Hydrogen adsorption around lithium atoms anchored on graphene vacancies

Density functional theory and molecular dynamics were used to study the interaction of a lithium atom with a vacancy inside a graphene layer. It was found that the lithium atom is adsorbed on this vacancy, with a binding energy much larger than the lithium cohesive energy. Then, the adsorption of hydrogen molecules around lithium atoms was studied. We found that at 300 K and atmospheric pressure, this system could store up to 6.2 wt.% hydrogen, with average adsorption energy of 0.19 eV per molecule. Thus, this material satisfies the gravimetric capacity requirements for technological applications. A complete desorption of hydrogen occurs at 750 K. However, a multilayer of this system would be required for practical reasons. Under atmospheric pressure and at 300 K, we found that a system made of multiple layers of this material is stable. The storage capacity remained at 6.2 wt.%, but all adsorbed molecules were dissociated. The average adsorption energy becomes 0.875 eV/H.
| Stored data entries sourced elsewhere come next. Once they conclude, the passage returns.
(* Let $k\ge1$ and $n\ge k+1$ be integers. The number of (labeled) forests $F$ such that: the vertex set of $F$ is $\{1,\dots,k+1\}\cup R$ for some subset $R\subseteq\{k+2,\dots,n\}$; every tree of $F$ has at least two vertices; exactly one tree of $F$ contains no vertex of $R$, and this tree contains both vertices $1$ and $2$; and every other tree of $F$ contains exactly one vertex of $R$ (its root), is equal to $n^{k-1}$.
   Context: Forests are simple undirected acyclic graphs on the stated labeled vertex set; two forests are counted as different if their vertex sets or edge sets differ. *)

From mathcomp Require Import all_boot.
Set Implicit Arguments. Unset Strict Implicit. Unset Printing Implicit Defensive.

(* Vertex i of {1,...,n} is encoded as the ordinal i-1 : 'I_n.
   A (candidate) graph is a pair (V, E): a vertex set V and an edge set E,
   each edge being a 2-element subset of V. *)
Definition graph n := ({set 'I_n} * {set {set 'I_n}})%type.

Section G.
Variable n : nat.
Implicit Types (G : graph n).

Definition gV G := G.1.
Definition gE G := G.2.

Definition simple_graph G : bool :=
  [forall e in gE G, (#|e| == 2) && (e \subset gV G)].

Definition adj G : rel 'I_n := fun x y => [set x; y] \in gE G.

Definition acyclic G : Prop :=
  forall s : seq 'I_n, uniq s -> 3 <= size s -> ~~ cycle (adj G) s.

Definition forest G : Prop := simple_graph G /\ acyclic G.
Lemma dotvZr a u w : dotv w (a *: u) = a * dotv w u.
Proof. by rewrite dotvC dotvZl dotvC. Qed.

Lemma dotvNr u w : dotv w (- u) = - dotv w u.
Proof. by rewrite dotvC dotvNl dotvC. Qed.

Lemma dotvBr u w z : dotv z (u - w) = dotv z u - dotv z w.
Proof. by rewrite dotvDr dotvNr. Qed.

Lemma dotv0l u : dotv 0 u = 0.
Proof. by rewrite -(scale0r 0) dotvZl mul0r. Qed.

Lemma dotv_subC u w : dotv (u - w) (u - w) = dotv (w - u) (w - u).
Proof. by rewrite -opprB dotvNl dotvNr opprK. Qed.

Lemma dotv_ge0 u : 0 <= dotv u u.
Proof. by apply: sumr_ge0 => i _; rewrite -expr2 sqr_ge0. Qed.

Lemma dotv_suml (m n : nat) (f : nat -> 'rV[R]_d) w :
  dotv (\sum_(m <= s < n) f s) w = \sum_(m <= s < n) dotv (f s) w.
Proof.
rewrite /dotv; under eq_bigr do rewrite summxE mulr_suml.
by rewrite exchange_big.
Qed.

Lemma dotv_young (s : R) u w : 0 < s -> dotv u w <= dotv u u / s + s / 4 * dotv w w.
Proof.
move=> s_gt0; have := dotv_ge0 (2 *: u - s *: w).
rewrite !(dotvBl, dotvBr, dotvZl, dotvZr) (dotvC w u) => sqr_ge0.
rewrite -(ler_pM2l s_gt0).
have -> : s * (dotv u u / s + s / 4 * dotv w w) = dotv u u + s ^+ 2 / 4 * dotv w w.
  by field; rewrite gt_eqF.
lra.
Qed.

Lemma enorm_sqr u : enorm u ^+ 2 = dotv u u.
Proof. by rewrite sqr_sqrtr // dotv_ge0. Qed.

Lemma enorm_ge0 u : 0 <= enorm u.
Proof. exact: sqrtr_ge0. Qed.

Lemma normr_le_enorm u : `|u| <= enorm u.
Proof.
rewrite [leLHS]/Num.norm /= mx_normrE; apply: bigmax_le; first exact: enorm_ge0.
move=> [i j] _ /=; rewrite (ord1 i) -(sqrtr_sqr (u 0 j)) ler_sqrt ?dotv_ge0 //.
rewrite /dotv (bigD1 j) //= -expr2 lerDl.
by apply: sumr_ge0 => k _; rewrite -expr2 sqr_ge0.
Qed.

Lemma dotv_continuous {T : topologicalType} {f h : T -> 'rV[R]_d} :
  continuous f -> continuous h -> continuous (fun t => dotv (f t) (h t)).
Proof.
move=> cf ch; apply: continuous_big => [|i _ t]; first exact: add_continuous.
apply: continuousM.
  exact: (continuous_comp (cf t) (@coord_continuous _ _ _ 0 i (f t))).
exact: (continuous_comp (ch t) (@coord_continuous _ _ _ 0 i (h t))).
Qed.

End InnerProduct.

Lemma ge0_of_quadratic_ge0 {R : realFieldType} (a n : R) : 0 <= n ->
  (forall lam, 0 < lam <= 1 -> 0 <= lam * a + lam ^+ 2 * n) -> 0 <= a.
Proof.
move=> n_ge0 quad_ge0; apply/ler_addgt0Pr => e e_gt0.
pose lam := Order.min 1 (e / (n + 1)).
have lam_gt0 : 0 < lam by rewrite lt_min ltr01 divr_gt0 // ltr_wpDl.
have lam_le1 : lam <= 1 by rewrite ge_min lexx.
have lam_small : lam * (n + 1) <= e by rewrite -ler_pdivlMr ?ltr_wpDl // ge_min lexx orbT.
have := quad_ge0 lam; rewrite lam_gt0 lam_le1 expr2 -mulrA -mulrDr pmulr_rge0 // => /(_ isT).
nra.
Qed.

Section FtrlObjective.
Context {R : realType} {d : nat}.
Implicit Types (c a u w y : 'rV[R]_d) (K : set 'rV[R]_d).

Definition ftrl_obj c a u : R := dotv c u + 1/2 * dotv (u - a) (u - a).

Lemma ftrl_obj_expand c a u w :
  ftrl_obj c a u =
  ftrl_obj c a w + dotv (c + (w - a)) (u - w) + 1/2 * dotv (u - w) (u - w).
Proof.
rewrite /ftrl_obj !(dotvDl, dotvDr, dotvNl, dotvNr).
have := dotvC u w; have := dotvC u a; have := dotvC w a; lra.
Qed.

Lemma ftrl_obj_continuous c a : continuous (ftrl_obj c a).
Proof.
have cB : continuous (fun u : 'rV[R]_d => u - a).
  by move=> u; apply: continuousB => //; exact: cst_continuous.
move=> u; apply: continuousD.
  by apply: dotv_continuous u => [|?]; [exact: cst_continuous | exact: cvg_id].
exact: continuousM (@cst_continuous _ _ (1/2 : R) u) (dotv_continuous cB cB u).
Qed.

Lemma diam_le_bounded {K} {D : R} : K !=set0 -> diam_le K D -> bounded_set K.
Proof.
move=> [x0 Kx0] Kdiam; rewrite /= /bounded_near.
near=> M => y Ky /=.
have : D + `|x0| <= M by near: M; apply: nbhs_pinfty_ge; rewrite num_real.
apply: le_trans; rewrite -[y](subrK x0).
apply: le_trans (ler_normD _ _) _; rewrite lerD2r.
exact: le_trans (normr_le_enorm _) (Kdiam _ _ Ky Kx0).
Unshelve. all: by end_near.
Qed.

Lemma ftrl_obj_has_min {K} {D : R} c a : K !=set0 -> closed K -> diam_le K D ->
  exists y, K y /\ forall u, K u -> ftrl_obj c a y <= ftrl_obj c a u.
Proof.
move=> K0 Kclosed Kdiam.
have Kcompact := bounded_closed_compact (diam_le_bounded K0 Kdiam) Kclosed.
have [y Ky ymin] := @compact_EVT_min _ _ (ftrl_obj c a) K K0 Kcompact
  (continuous_subspaceT (ftrl_obj_continuous c a)).
by exists y; split=> [|u Ku]; [rewrite -inE | apply: ymin; rewrite inE].
Qed.

(* First-order optimality at y, then the exact quadratic expansion around y. *)
Lemma ftrl_obj_min_growth K c a y : convex_setv K -> K y ->
    (forall u, K u -> ftrl_obj c a y <= ftrl_obj c a u) ->
  forall u, K u -> ftrl_obj c a y + 1/2 * dotv (u - y) (u - y) <= ftrl_obj c a u.
Proof.
move=> Kconvex Ky ymin u Ku; rewrite (ftrl_obj_expand c a u y).
suff : 0 <= dotv (c + (y - a)) (u - y) by lra.
apply: ge0_of_quadratic_ge0 (dotv_ge0 (u - y)) _ => lam /andP[lam_gt0 lam_le1].
have lam01 : 0 <= lam <= 1 by rewrite ltW.
have := ymin _ (Kconvex u y lam Ku Ky lam01).
rewrite (ftrl_obj_expand c a (lam *: u + (1 - lam) *: y) y).
have -> : lam *: u + (1 - lam) *: y - y = lam *: (u - y).
  by apply/rowP => i; rewrite !mxE; ring.
rewrite !(dotvZl, dotvZr).
have := dotv_ge0 (u - y); nra.
Qed.

End FtrlObjective.

Lemma subgradient_enorm_le {R : realType} {d : nat} (L : R) (f : 'rV[R]_d -> R) z g :
  0 <= L -> lipschitzv L f -> subgradient f z g -> enorm g <= L.
Proof.
move=> L_ge0 f_lip g_sub.
have := g_sub (z + g); have := f_lip (z + g) z.
rewrite addrAC subrr add0r -enorm_sqr => lip sub.
have := ler_norm (f (z + g) - f z); have := enorm_ge0 g; nra.
Qed.

Lemma sum_sqr_le_nat {R : realDomainType} (f : nat -> R) (M : R) (T : nat) :
  (forall t, (1 <= t <= T)%N -> 0 <= f t <= M) ->
  \sum_(1 <= t < T.+1) f t ^+ 2 <= T%:R * M ^+ 2.
Proof.
move=> f_bnd.
have -> : T%:R * M ^+ 2 = \sum_(1 <= t < T.+1) M ^+ 2.
  by rewrite sumr_const_nat subSS subn0 mulr_natl.
apply: ler_sum_nat => t /f_bnd /andP[f_ge0 f_le].
by rewrite ler_sqr ?nnegrE // (le_trans f_ge0).
Qed.

Section OnlineFrankWolfe.
Context {R : realType} {d T : nat} {K : set 'rV[R]_d} {eta sigma : R}.
Context {ell : nat -> 'rV[R]_d -> R} {x v g y : nat -> 'rV[R]_d}.

Let F t := ftrl_obj (eta *: \sum_(1 <= s < t.+1) g s) (x 1%N).

Hypotheses (eta_gt0 : 0 < eta) (sigma_gt0 : 0 < sigma) (sigma_le1 : sigma <= 1).
Hypotheses (K_convex : convex_setv K) (x1_in_K : K (x 1%N)).
Hypothesis y_min : forall t, K (y t) /\ forall u, K u -> F t (y t) <= F t u.
Hypothesis ofw_step : forall t, (1 <= t <= T)%N ->
  subgradient (ell t) (x t) (g t) /\ K (v t) /\
  (forall w, K w -> dotv (eta *: (\sum_(1 <= s < t.+1) g s) + (x t - x 1%N)) (v t)
                 <= dotv (eta *: (\sum_(1 <= s < t.+1) g s) + (x t - x 1%N)) w) /\
  x t.+1 = (1 - sigma) *: x t + sigma *: v t.

Let dist t := dotv (x t - y t) (x t - y t).
Let lag t := eta * dotv (g t) (x t - y t).
Let stride t := dotv (x t - v t) (x t - v t).
Let gap t := F t (x t.+1) - F t (y t).

Lemma ofw_iterate_in_K t : (1 <= t <= T.+1)%N -> K (x t).
Proof.
elim: t => [//|[_ _ //|t] IHt] ht.
have [_ [Kv [_ ->]]] := ofw_step t.+1 ltac:(lia).
have Kx : K (x t.+1) by apply: IHt; lia.
have sigma01 : 0 <= 1 - sigma <= 1 by rewrite subr_ge0 sigma_le1 gerBl ltW.
by have := K_convex _ _ _ Kx Kv sigma01; rewrite subKr.
Qed.

Lemma F0E u : F 0 u = 1/2 * dotv (u - x 1%N) (u - x 1%N).
Proof. by rewrite /F /ftrl_obj big_geq // scaler0 dotv0l add0r. Qed.

Lemma F_succ t u : F t.+1 u = F t u + eta * dotv (g t.+1) u.
Proof. rewrite /F /ftrl_obj big_nat_recr //= scalerDr [dotv (_ + _) u]dotvDl !dotvZl; lra. Qed.

Lemma F_expand t u u' : F t u =
  F t u' + dotv (eta *: (\sum_(1 <= s < t.+1) g s) + (u' - x 1%N)) (u - u')
  + 1/2 * dotv (u - u') (u - u').
Proof. exact: ftrl_obj_expand. Qed.

Lemma F_growth t {u} : K u -> F t (y t) + 1/2 * dotv (u - y t) (u - y t) <= F t u.
Proof. by have [Ky ymin] := y_min t; exact: ftrl_obj_min_growth. Qed.

(* v_t does at least as well as y_t on the linearisation of F_t at x_t. *)
Lemma ofw_gap_contraction t : (1 <= t <= T)%N ->
  gap t <= F t (x t) - F t (y t) - sigma * dist t + sigma ^+ 2 / 2 * stride t.
Proof.
move=> ht; have [_ [Kv [v_min x_next]]] := ofw_step _ ht.
have Kx : K (x t) by apply: ofw_iterate_in_K; lia.
have step : x t.+1 - x t = sigma *: (v t - x t).
  by rewrite x_next; apply/rowP => i; rewrite !mxE; ring.
have next := F_expand t (x t.+1) (x t).
rewrite step !dotvZr !dotvZl [dotv (v t - _) _]dotv_subC -/(stride t) dotvBr in next.
have at_y := F_expand t (y t) (x t).
rewrite [dotv (y t - _) _]dotv_subC -/(dist t) dotvBr in at_y.
have v_le_y := v_min (y t) (y_min t).1.
have growth := F_growth t Kx; rewrite -/(dist t) in growth.
have : sigma * (dotv (eta *: (\sum_(1 <= s < t.+1) g s) + (x t - x 1%N)) (v t)
                - dotv (eta *: (\sum_(1 <= s < t.+1) g s) + (x t - x 1%N)) (x t))
       <= sigma * - dist t by rewrite ler_pM2l //; lra.
rewrite /gap; lra.
Qed.

Lemma ofw_gap_succ t : F t.+1 (x t.+1) - F t.+1 (y t.+1) <= gap t + lag t.+1.
Proof. by rewrite /gap /lag !F_succ dotvBr; have := (y_min t).2 _ (y_min t.+1).1; lra. Qed.

Lemma ofw_gap_descent t : (t < T)%N ->
  sigma * dist t.+1 <= lag t.+1 + sigma ^+ 2 / 2 * stride t.+1 + (gap t - gap t.+1).
Proof.
move=> tT; have := ofw_gap_succ t; have := @ofw_gap_contraction t.+1 ltac:(lia).
lra.
Qed.

Lemma ofw_sum_dist_le : sigma * \sum_(1 <= t < T.+1) dist t <=
  \sum_(1 <= t < T.+1) lag t + sigma ^+ 2 / 2 * \sum_(1 <= t < T.+1) stride t.
Proof.
have gap0_le0 : gap 0 <= 0.
  by rewrite /gap !F0E subrr dotv0l; have := dotv_ge0 (y 0%N - x 1%N); lra.
have gapT_ge0 : 0 <= gap T.
  by rewrite /gap subr_ge0; apply: (y_min T).2; apply: ofw_iterate_in_K; lia.
have telescope_gap : \sum_(0 <= t < T) (gap t - gap t.+1) = gap 0%N - gap T.
  by rewrite -opprB -telescope_sumr // -sumrN; apply: eq_bigr => t _; rewrite opprB.
suff : sigma * \sum_(1 <= t < T.+1) dist t <= \sum_(1 <= t < T.+1) lag t
    + sigma ^+ 2 / 2 * \sum_(1 <= t < T.+1) stride t + (gap 0%N - gap T) by lra.
rewrite -telescope_gap !big_add1 /= !mulr_sumr -!big_split /=.
by apply: ler_sum_nat => t /andP[_ tT]; exact: ofw_gap_descent.
Qed.

(* Young's inequality on each lag, after which ofw_sum_dist_le absorbs the distances. *)
Lemma ofw_sum_lag_le : \sum_(1 <= t < T.+1) lag t <=
  4/3 * (eta ^+ 2 / sigma * \sum_(1 <= t < T.+1) dotv (g t) (g t))
  + sigma ^+ 2 / 6 * \sum_(1 <= t < T.+1) stride t.
Proof.
have young : \sum_(1 <= t < T.+1) lag t <=
    eta ^+ 2 / sigma * \sum_(1 <= t < T.+1) dotv (g t) (g t)
    + sigma / 4 * \sum_(1 <= t < T.+1) dist t.
  rewrite !mulr_sumr -big_split /=; apply: ler_sum_nat => t _.
  rewrite /lag -dotvZl; apply: le_trans (dotv_young _ _ _ sigma_gt0) _.
  by rewrite dotvZl dotvZr mulrA -expr2 mulrAC.
have := ofw_sum_dist_le.
have : sigma / 4 * \sum_(1 <= t < T.+1) dist t = (sigma * \sum_(1 <= t < T.+1) dist t) / 4.
  by rewrite mulrAC.
lra.
Qed.

Lemma ftrl_be_the_leader u : K u ->
  \sum_(1 <= t < T.+1) eta * dotv (g t) (y t) <=
  eta * \sum_(1 <= t < T.+1) dotv (g t) u + 1/2 * dotv (u - x 1%N) (u - x 1%N).
Proof.
move=> Ku.
have leader_step t : eta * dotv (g t.+1) (y t.+1) <= F t.+1 (y t.+1) - F t (y t).
  by rewrite F_succ; have := (y_min t).2 _ (y_min t.+1).1; lra.
have F0_ge0 : 0 <= F 0 (y 0%N) by rewrite F0E; have := dotv_ge0 (y 0%N - x 1%N); lra.
have FT_le := (y_min T).2 u Ku.
have FTu : F T u = eta * \sum_(1 <= t < T.+1) dotv (g t) u + 1/2 * dotv (u - x 1%N) (u - x 1%N).
  by rewrite /F /ftrl_obj dotvZl dotv_suml.
rewrite big_add1 /=.
apply: le_trans (ler_sum_nat (fun t _ => leader_step t)) _.
rewrite telescope_sumr //; lra.
Qed.

Lemma ofw_linearized_regret u : K u ->
  eta * \sum_(1 <= t < T.+1) (ell t (x t) - ell t u) <=
  \sum_(1 <= t < T.+1) lag t + \sum_(1 <= t < T.+1) eta * dotv (g t) (y t)
  - eta * \sum_(1 <= t < T.+1) dotv (g t) u.
Proof.
move=> Ku; rewrite !mulr_sumr -big_split -sumrB /=; apply: ler_sum_nat => t ht.
have [subgrad _] := ofw_step _ ht; have := subgrad u.
rewrite /lag !dotvBr => sub_ineq.
have : 0 <= eta * (ell t u - ell t (x t) - (dotv (g t) u - dotv (g t) (x t))).
  by apply: mulr_ge0; [exact: ltW | lra].
lra.
Qed.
► We find a possible hydrogen storage system within the gravimetric requirements for applications.
► We find that a Li atom binds to a graphene vacancy with energy larger than the lithium cohesive energy.
► At 300 K and atmospheric pressure, the system C7Li stores 6.2 wt.% molecular hydrogen with 0.19 eV/H2.
► Under the same conditions, a system of C7Li layers stores 6.2 wt.% atomic hydrogen with 0.875 eV/H.
► At 500 K, one hydrogen molecule remains adsorbed in both C17Li and C7Li, and none at 750 K.